(* For every integer $n\ge3$, $$\int_{1+\frac1n}^{1+\frac{(\log n)^2}{n}}F_n(w)\,dw\le 2n\log\log n.$$
   Context: For $w>0$ and integer $n\ge1$ let $a_n(w)=\sum_{j=0}^n w^j$, $b_n(w)=\sum_{j=1}^n jw^j$, $c_n(w)=\sum_{j=0}^n j^2w^j$, and $$F_n(w)=\frac{1}{2\sqrt{w}}\sqrt{\frac{c_n(w)}{a_n(w)}}\sqrt{\frac{a_n(w)c_n(w)-b_n(w)^2}{w\,a_n(w)^2}}.$$ $\log$ is the natural logarithm. *)

From Stdlib Require Import Reals.
From Coquelicot Require Import Coquelicot.
Open Scope R_scope.

Definition a_n (n : nat) (w : R) : R := sum_f_R0 (fun j => w ^ j) n.
Definition b_n (n : nat) (w : R) : R := sum_f_R0 (fun j => INR j * w ^ j) n.
Definition c_n (n : nat) (w : R) : R := sum_f_R0 (fun j => (INR j)^2 * w ^ j) n.

Definition F_n (n : nat) (w : R) : R :=
  / (2 * sqrt w) * sqrt (c_n n w / a_n n w)
  * sqrt ((a_n n w * c_n n w - (b_n n w)^2) / (w * (a_n n w)^2)).

(* Read the weights w^j (0 <= j <= n) as an unnormalised distribution on
   {0,..,n}: a_n is its mass, b_n/a_n its mean and (a_n c_n - b_n^2)/a_n^2 its
   variance.  The proof is a pointwise bound followed by an explicit integral.
   1. Multiplying by (w - 1) telescopes a_n, b_n, c_n into closed forms; from
      them the first two moments about the top point n,
      M1 = n a_n - b_n and M2 = n^2 a_n - 2 n b_n + c_n, satisfy
      (w-1) M1 = a_n - 1 - n and (w-1)^2 M2 <= (w+1) a_n for w > 1.
   2. Since the variance does not depend on the centre, a_n c_n - b_n^2 =
      a_n M2 - M1^2, whence (w-1)^2 (a_n c_n - b_n^2) <= (w+1) a_n^2.
   3. Together with c_n <= n^2 a_n and sqrt w >= 1 this gives, for w > 1,
      F_n(w) <= n / (w - 1).
   4. F_n is continuous on (1, oo), hence integrable, and the integral of
      n/(w-1) over [1 + 1/n, 1 + L^2/n] is n log (L^2) = 2 n log L.  *)

From Stdlib Require Import Reals Lra Psatz.
From Coquelicot Require Import Coquelicot.
Open Scope R_scope.

Lemma a_n_closed_form n w : (w - 1) * a_n n w = w ^ S n - 1.
Proof.
  induction n as [|n IH]; unfold a_n in *.
  - simpl; ring.
  - rewrite tech5, Rmult_plus_distr_l, IH; simpl; ring.
Qed.

Lemma b_n_closed_form n w :
  (w - 1) * b_n n w = INR n * w ^ S n - (a_n n w - 1).
Proof.
  induction n as [|n IH]; unfold a_n, b_n in *.
  - simpl; ring.
  - rewrite !tech5, Rmult_plus_distr_l, IH, S_INR; simpl; ring.
Qed.

Lemma c_n_closed_form n w :
  (w - 1) * c_n n w = INR n ^ 2 * w ^ S n - 2 * b_n n w + (a_n n w - 1).
Proof.
  induction n as [|n IH]; unfold a_n, b_n, c_n in *.
  - simpl; ring.
  - rewrite !tech5, Rmult_plus_distr_l, IH, S_INR; simpl; ring.
Qed.

Lemma a_n_ge_1 n w : 0 <= w -> 1 <= a_n n w.
Proof.
  intros Hw; induction n as [|n IH]; unfold a_n in *.
  - simpl; lra.
  - rewrite tech5; pose proof (pow_le w (S n) Hw); lra.
Qed.

Lemma c_n_le n w : 0 <= w -> c_n n w <= INR n ^ 2 * a_n n w.
Proof.
  intros Hw; unfold c_n, a_n; rewrite scal_sum; apply sum_Rle.
  intros j Hj; rewrite (Rmult_comm (w ^ j)).
  apply Rmult_le_compat_r; [now apply pow_le |].
  apply pow_incr; split; [apply pos_INR | now apply le_INR].
Qed.

Lemma first_moment_about_top n w :
  (w - 1) * (INR n * a_n n w - b_n n w) = a_n n w - 1 - INR n.
Proof.
  replace ((w - 1) * (INR n * a_n n w - b_n n w))
    with (INR n * ((w - 1) * a_n n w) - (w - 1) * b_n n w) by ring.
  rewrite a_n_closed_form, b_n_closed_form; ring.
Qed.

Lemma second_moment_about_top n w :
  (w - 1) * (INR n ^ 2 * a_n n w - 2 * INR n * b_n n w + c_n n w)
  = 2 * (INR n * a_n n w - b_n n w) + a_n n w - (INR n + 1) ^ 2.
Proof.
  replace ((w - 1) * (INR n ^ 2 * a_n n w - 2 * INR n * b_n n w + c_n n w))
    with (INR n ^ 2 * ((w - 1) * a_n n w) - 2 * INR n * ((w - 1) * b_n n w)
          + (w - 1) * c_n n w) by ring.
  rewrite a_n_closed_form, b_n_closed_form, c_n_closed_form; ring.
Qed.

Lemma second_moment_about_top_bound n w : 1 < w ->
  (w - 1) ^ 2 * (INR n ^ 2 * a_n n w - 2 * INR n * b_n n w + c_n n w)
  <= (w + 1) * a_n n w.
Proof.
  intros Hw.
  pose proof (first_moment_about_top n w) as M1.
  pose proof (second_moment_about_top n w) as M2.
  pose proof (pos_INR n).
  assert (0 <= (w - 1) * (INR n + 1) ^ 2) by (apply Rmult_le_pos; nra).
  replace ((w - 1) ^ 2 * (INR n ^ 2 * a_n n w - 2 * INR n * b_n n w + c_n n w))
    with ((w - 1) * ((w - 1) * (INR n ^ 2 * a_n n w - 2 * INR n * b_n n w
                                 + c_n n w))) by ring.
  rewrite M2.
  replace ((w - 1) * (2 * (INR n * a_n n w - b_n n w) + a_n n w - (INR n + 1) ^ 2))
    with (2 * ((w - 1) * (INR n * a_n n w - b_n n w))
          + (w - 1) * (a_n n w - (INR n + 1) ^ 2)) by ring.
  rewrite M1; nra.
Qed.

Lemma variance_bound n w : 1 < w ->
  (w - 1) ^ 2 * (a_n n w * c_n n w - b_n n w ^ 2) <= (w + 1) * a_n n w ^ 2.
Proof.
  intros Hw.
  set (N := INR n); set (A := a_n n w); set (B := b_n n w); set (C := c_n n w).
  assert (HA : 1 <= A) by (apply a_n_ge_1; lra).
  assert (HM2 : (w - 1) ^ 2 * (N ^ 2 * A - 2 * N * B + C) <= (w + 1) * A)
    by now apply second_moment_about_top_bound.
  (* the variance is the same about 0 and about n *)
  assert (Shift : A * C - B ^ 2 = A * (N ^ 2 * A - 2 * N * B + C) - (N * A - B) ^ 2)
    by ring.
  rewrite Shift.
  assert (0 <= ((w - 1) * (N * A - B)) ^ 2) by apply pow2_ge_0.
  assert (A * ((w - 1) ^ 2 * (N ^ 2 * A - 2 * N * B + C)) <= A * ((w + 1) * A))
    by (apply Rmult_le_compat_l; lra).
  nra.
Qed.

Lemma F_n_le n w : 1 < w -> F_n n w <= INR n / (w - 1).
Proof.
  intros Hw; unfold F_n.
  pose proof (variance_bound n w Hw) as Var.
  set (N := INR n) in *; set (A := a_n n w) in *;
  set (B := b_n n w) in *; set (C := c_n n w) in *.
  assert (HA : 1 <= A) by (apply a_n_ge_1; lra).
  assert (HN : 0 <= N) by apply pos_INR.
  assert (HC : C <= N ^ 2 * A) by (apply c_n_le; lra).
  assert (Mean : sqrt (C / A) <= N).
  { rewrite <- (sqrt_pow2 N HN); apply sqrt_le_1_alt.
    apply Rle_div_l; lra. }
  assert (Spread : sqrt ((A * C - B ^ 2) / (w * A ^ 2)) <= 2 / (w - 1)).
  { assert (P : 0 <= 2 / (w - 1)) by (apply Rlt_le, Rdiv_lt_0_compat; lra).
    rewrite <- (sqrt_pow2 _ P); apply sqrt_le_1_alt.
    apply Rle_div_l; [nra |].
    replace ((2 / (w - 1)) ^ 2 * (w * A ^ 2)) with (4 * w * A ^ 2 / (w - 1) ^ 2)
      by (field; lra).
    apply Rle_div_r; nra. }
  assert (Sw : 1 <= sqrt w) by (rewrite <- sqrt_1; apply sqrt_le_1_alt; lra).
  assert (I1 : 0 <= / (2 * sqrt w)) by (apply Rlt_le, Rinv_0_lt_compat; lra).
  assert (I2 : / (2 * sqrt w) <= / 2) by (apply Rinv_le_contravar; lra).
  apply Rle_trans with (/ 2 * N * (2 / (w - 1))); [| right; field; lra].
  apply Rmult_le_compat; try apply sqrt_pos; auto.
  - apply Rmult_le_pos; auto using sqrt_pos.
  - apply Rmult_le_compat; auto using sqrt_pos.
Qed.

Lemma power_sum_derivable (k : nat -> R) n x :
  ex_derive (fun w => sum_f_R0 (fun j => k j * w ^ j) n) x.
Proof.
  induction n as [|n IH]; simpl.
  - auto_derive; auto.
  - apply (ex_derive_plus (fun w => sum_f_R0 (fun j => k j * w ^ j) n)); auto.
    auto_derive; auto.
Qed.

Lemma a_n_derivable n x : ex_derive (a_n n) x.
Proof.
  apply (ex_derive_ext (fun w => sum_f_R0 (fun j => 1 * w ^ j) n)).
  - intros w; unfold a_n; apply sum_eq; intros; ring.
  - apply power_sum_derivable.
Qed.

Lemma b_n_derivable n x : ex_derive (b_n n) x.
Proof. apply (power_sum_derivable (fun j => INR j)). Qed.

Lemma c_n_derivable n x : ex_derive (c_n n) x.
Proof. apply (power_sum_derivable (fun j => INR j ^ 2)). Qed.

Lemma continuous_Rmult (f g : R -> R) x :
  continuous f x -> continuous g x -> continuous (fun y => f y * g y) x.
Proof. apply (continuous_mult (K := R_AbsRing)). Qed.

(* F_n is continuous on (1, oo): the arguments of the square roots are
   differentiable there, their denominators being positive. *)
Lemma F_n_continuous n x : 1 < x -> continuous (F_n n) x.
Proof.
  intros Hx; unfold F_n.
  assert (HA : 1 <= a_n n x) by (apply a_n_ge_1; lra).
  assert (Ha := a_n_derivable n x); assert (Hb := b_n_derivable n x);
  assert (Hc := c_n_derivable n x).
  repeat apply continuous_Rmult.
  - apply (continuous_Rinv_comp (fun y => 2 * sqrt y)); [| pose proof (sqrt_lt_R0 x); lra].
    apply continuous_Rmult; [apply continuous_const | apply continuous_sqrt].
  - apply (continuous_sqrt_comp (fun y => c_n n y / a_n n y)).
    apply (ex_derive_continuous (K := R_AbsRing) (V := R_NormedModule)).
    auto_derive; repeat split; auto; lra.
  - apply (continuous_sqrt_comp
             (fun y => (a_n n y * c_n n y - b_n n y ^ 2) / (y * a_n n y ^ 2))).
    apply (ex_derive_continuous (K := R_AbsRing) (V := R_NormedModule)).
    auto_derive; repeat split; auto; nra.
Qed.

Lemma is_RInt_shifted_inverse (N p q : R) : 0 < p -> 0 < q ->
  is_RInt (fun w => N / (w - 1)) (1 + p) (1 + q) (N * ln q - N * ln p).
Proof.
  intros Hp Hq.
  replace (N * ln q - N * ln p)
    with (minus (N * ln ((1 + q) - 1)) (N * ln ((1 + p) - 1)))
    by (unfold minus, plus, opp; simpl; ring_simplify (1 + q - 1) (1 + p - 1); ring).
  apply (is_RInt_derive (fun w => N * ln (w - 1))); intros x Hx;
    assert (1 < x) by (pose proof (Rmin_glb_lt (1 + p) (1 + q) 1);
                       destruct Hx; lra).
  - auto_derive; [lra | field; lra].
  - apply (ex_derive_continuous (K := R_AbsRing) (V := R_NormedModule)).
    auto_derive; lra.
Qed.

Theorem lemma3p5 : forall n : nat, (3 <= n)%nat ->
  RInt (F_n n) (1 + 1 / INR n) (1 + (ln (INR n))^2 / INR n)
  <= 2 * INR n * ln (ln (INR n)).
Proof.
  intros n Hn.
  assert (N3 : 3 <= INR n) by (replace 3 with (INR 3) by (simpl; ring); now apply le_INR).
  set (N := INR n) in *.
  assert (L1 : 1 <= ln N).
  { rewrite <- (ln_exp 1); apply ln_le; [apply exp_pos | pose proof exp_le_3; lra]. }
  set (L := ln N) in *.
  assert (Hp : 0 < 1 / N) by (apply Rdiv_lt_0_compat; lra).
  assert (Hq : 0 < L ^ 2 / N) by (apply Rdiv_lt_0_compat; nra).
  assert (Hpq : 1 / N <= L ^ 2 / N)
    by (unfold Rdiv; apply Rmult_le_compat_r; [apply Rlt_le, Rinv_0_lt_compat |]; nra).
  pose proof (is_RInt_shifted_inverse N _ _ Hp Hq) as Cmp.
  apply Rle_trans with (RInt (fun w => N / (w - 1)) (1 + 1 / N) (1 + L ^ 2 / N)).
  - apply RInt_le; [lra | | eexists; exact Cmp | intros w Hw; apply F_n_le; lra].
    apply (@ex_RInt_continuous R_CompleteNormedModule); intros w Hw.
    rewrite Rmin_left, Rmax_right in Hw by lra.
    apply F_n_continuous; lra.
  - rewrite (is_RInt_unique _ _ _ _ Cmp).
    rewrite !ln_div, ln_pow, ln_1 by nra; right; simpl; ring.
Qed.
(* Assume the Richardson limit shape $\mathcal{S}$ is uniformly curved, and let $z,r,\delta,\beta,\alpha$ and the sets $\mathcal{R}_0^n,\mathcal{B}_0^n,\mathcal{R}_1^n$ be as defined in the context. Then for all sufficiently large $n$ and all $x\in\mathcal{R}_1^n$, \[d(x,\mathcal{R}_0^n)+4(\delta n)^\beta<d(x,\mathcal{B}_0^n).\]
   Context: $\mathcal{S}$ is the limit shape of the Richardson model on $\mathbb{Z}^d$ (each unoccupied site becomes occupied at rate equal to its number of occupied neighbours): the nonrandom compact convex set with nonempty interior such that for every finite nonempty initial set and $\epsilon>0$, a.s. $(1-\epsilon)\mathcal{S}\subseteq\hat Z(s)/s\subseteq(1+\epsilon)\mathcal{S}$ for large $s$, $\hat Z=\{x:\operatorname{dist}_\infty(x,Z)\le1/2\}$. Uniformly curved: there is $\varrho<\infty$ such that each $z\in\partial\mathcal{S}$ lies on the boundary of a Euclidean ball of radius $\varrho$ containing $\mathcal{S}$. Richardson norm $|x|=\inf\{t>0:x\in t\mathcal{S}\}$, metric $d(x,y)=|x-y|$, $d(x,A)=\inf_{y\in A}d(x,y)$, $\pi x=x/|x|$. $D(x;\rho)=\{y:d(x,y)\le\rho\}$, $D(x;\rho_1,\rho_2)=D(x;\rho_2)\setminus D(x;\rho_1)$. Angular sector: $\mathcal{A}(z;\varrho)=\{y\ne0:d(\pi y,z)<\varrho\}$ for $z\in\partial\mathcal{S}$. Fix $z\in\partial\mathcal{S}$, $r>0$, $\delta\in(0,1)$, $\beta\in(1/2,1)$, $\alpha\in(1/2,1)$ with $(\beta+1)/2<\alpha$; for $n\ge1$, $A_1=\mathcal{A}(z;r)$, $A_2=\mathcal{A}(z;r+n^{\alpha-1})$, $\mathcal{R}_0^n=D(0;n/(1+\delta),n-n^\beta)\cap A_2\cap\mathbb{Z}^d$, $\mathcal{B}_0^n=(D(0;n/(1+\delta))\cup(D(0;n/(1+\delta),n+n^\beta)\cap A_2^c))\cap\mathbb{Z}^d$, $\mathcal{R}_1^n=D(0;n,n(1+\delta)-(n+\delta n)^\beta)\cap A_1\cap\mathbb{Z}^d$. *)

From HB Require Import structures.
From mathcomp Require Import all_boot all_order all_algebra all_fingroup.
From mathcomp Require Import all_classical all_reals all_analysis.
Import numFieldNormedType.Exports.
Set Implicit Arguments. Unset Strict Implicit. Unset Printing Implicit Defensive.
Import Order.TTheory GRing.Theory Num.Theory.
Local Open Scope classical_set_scope.
Local Open Scope ring_scope.
(* pi_a (t * pi_b f) : the component H^b -> H^a of multiplication by t *)
Definition Dcomp (V1 : {vspace fnZ}) (w : nat) (t : fnZ) (a b : nat)
  (f : fnZ) : fnZ := pip V1 w a (fmul t (pip V1 w b f)).

Definition Dzxy (V1 : {vspace fnZ}) (w : nat) (zz : K)
  (x y : 'I_w.-1 -> K) (t f : fnZ) : fnZ :=
  zz *: (\sum_(p < w) Dcomp V1 w t p p f)
  + \sum_(p < w.-1) x p *: Dcomp V1 w t p.+1 p f
  + \sum_(p < w.-1) y p *: Dcomp V1 w t p p.+1 f.

End Polarized.
Arguments Dzxy [K Z] V1 w zz x y t f.
Arguments Dcomp [K Z] V1 w t a b f.

(* The H^p are pairwise orthogonal for the trace form and span A, so the pi_p
   are the q-orthogonal projections.  Multiplication by t in H^0 = V_1 raises
   the filtration degree by one and is q-self-adjoint, so t H^b is q-orthogonal
   to H^a whenever |a - b| >= 2: pi_a t pi_b = 0 off the band |a - b| <= 1.
   Writing D(t) = sum_(a,b) c_(a,b) pi_a t pi_b, the block pi_a D(t) D(t') pi_d
   is sum_b c_(a,b) c_(b,d) pi_a t pi_b t' pi_d, and on the band the relations
   x_p y_p = z^2 make c_(a,b) c_(b,d) independent of b.  The sum over b then
   collapses to a multiple of pi_a t t' pi_d, which is symmetric in t and t'. *)

From HB Require Import structures.
From mathcomp Require Import all_boot all_order all_algebra.
From mathcomp Require Import complex.
From mathcomp Require Import Rstruct.
From mathcomp Require Import zify ring.
Set Implicit Arguments.
Unset Strict Implicit.
Unset Printing Implicit Defensive.
Import GRing.Theory.
Local Open Scope ring_scope.

Section FunctionAlgebra.
Variables (K : fieldType) (Z : finType).
Local Notation fn := (fnZ K Z).

Lemma fmulC (f g : fn) : fmul f g = fmul g f.
Proof. by apply/ffunP=> z; rewrite !ffunE mulrC. Qed.

Lemma fmulA (f g h : fn) : fmul f (fmul g h) = fmul (fmul f g) h.
Proof. by apply/ffunP=> z; rewrite !ffunE mulrA. Qed.

Lemma fmul1 (f : fn) : fmul (fone K Z) f = f.
Proof. by apply/ffunP=> z; rewrite !ffunE mul1r. Qed.

Lemma fmul_is_linear (t : fn) : linear (fmul t).
Proof. by move=> a f g; apply/ffunP=> z; rewrite !ffunE mulrDr mulrCA. Qed.
HB.instance Definition _ (t : fn) :=
  GRing.isLinear.Build K fn fn *:%R (fmul t) (fmul_is_linear t).

Lemma trqC (f g : fn) : trq f g = trq g f.
Proof. by apply: eq_bigr => z _; rewrite mulrC. Qed.

Lemma trq_is_linear (f : fn) : linear (trq f : fn -> K^o).
Proof.
move=> a g h; rewrite /trq [in RHS]/GRing.scale /= mulr_sumr -big_split.
by apply: eq_bigr => z _; rewrite !ffunE mulrDr mulrCA.
Qed.
HB.instance Definition _ (f : fn) :=
  GRing.isLinear.Build K fn K^o *:%R (trq f) (trq_is_linear f).

Lemma trq_fmul (t f g : fn) : trq (fmul t f) g = trq f (fmul t g).
Proof. by apply: eq_bigr => z _; rewrite !ffunE mulrCA mulrA. Qed.

Lemma trq_nondeg (f : fn) : (forall g, trq f g = 0) -> f = 0.
Proof.
move=> f_orth; apply/ffunP=> z; rewrite ffunE.
have := f_orth [ffun z' => (z' == z)%:R].
rewrite /trq (bigD1 z) //= big1 => [|z' /negPf nz]; rewrite !ffunE ?eqxx ?nz.
  by rewrite mulr1 addr0.
by rewrite mulr0.
Qed.

Definition orth_coords (U : {vspace fn}) (f : fn) : {ffun 'I_(\dim U) -> K^o} :=
  [ffun i => trq f (tnth (vbasis U) i)].

Lemma orth_coords_is_linear U : linear (orth_coords U).
Proof. by move=> a f g; apply/ffunP=> i; rewrite !ffunE !(trqC _ (tnth _ i)) linearP. Qed.
HB.instance Definition _ U :=
  GRing.isLinear.Build K fn _ *:%R (orth_coords U) (orth_coords_is_linear U).

Lemma orthvP (U : {vspace fn}) (f : fn) :
  reflect (forall u, u \in U -> trq f u = 0) (f \in orthv U).
Proof.
rewrite -[orthv U]/(lker (linfun (orth_coords U))) memv_ker lfunE.
apply: (iffP eqP) => [f_orth u uU | f_orth].
  rewrite (coord_vbasis uU) linear_sum big1 // => i _; rewrite linearZ /=.
  by move/ffunP/(_ i): f_orth; rewrite !ffunE (tnth_nth 0) => ->; rewrite scaler0.
by apply/ffunP=> i; rewrite !ffunE f_orth // vbasis_mem // mem_tnth.
Qed.

Lemma nondeg_orth_decomp (U : {vspace fn}) f :
  nondeg U -> exists2 a, a \in U & f - a \in orthv U.
Proof.
move=> ndU; pose F := linfun (orth_coords U).
have kerF : (U :&: lker F = 0)%VS.
  apply/eqP; rewrite -subv0; apply/subvP=> h /memv_capP[hU hker].
  by rewrite memv0; apply/eqP/ndU => //; apply/orthvP.
have imF : (F @: U)%VS = fullv.
  by apply/eqP; rewrite eqEdim subvf (limg_dim_eq kerF) dimvf /dim /= card_ord muln1.
have /memv_imgP[a aU Fa] : F f \in (F @: U)%VS by rewrite imF memvf.
by exists a => //; rewrite -[orthv U]/(lker F) memv_ker linearB /= Fa subrr.
Qed.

· · · ·

[TRY IT]: Within the listing above, the range opens at the line with "HB.instance Definition _ U" and closes at the line with "rewrite (coord_vbasis uU)". Reproduce exactly the lines of that range, including both ends.

[RESULT OF THE TASK]:
HB.instance Definition _ U :=
  GRing.isLinear.Build K fn _ *:%R (orth_coords U) (orth_coords_is_linear U).

Lemma orthvP (U : {vspace fn}) (f : fn) :
  reflect (forall u, u \in U -> trq f u = 0) (f \in orthv U).
Proof.
rewrite -[orthv U]/(lker (linfun (orth_coords U))) memv_ker lfunE.
apply: (iffP eqP) => [f_orth u uU | f_orth].
  rewrite (coord_vbasis uU) linear_sum big1 // => i _; rewrite linearZ /=.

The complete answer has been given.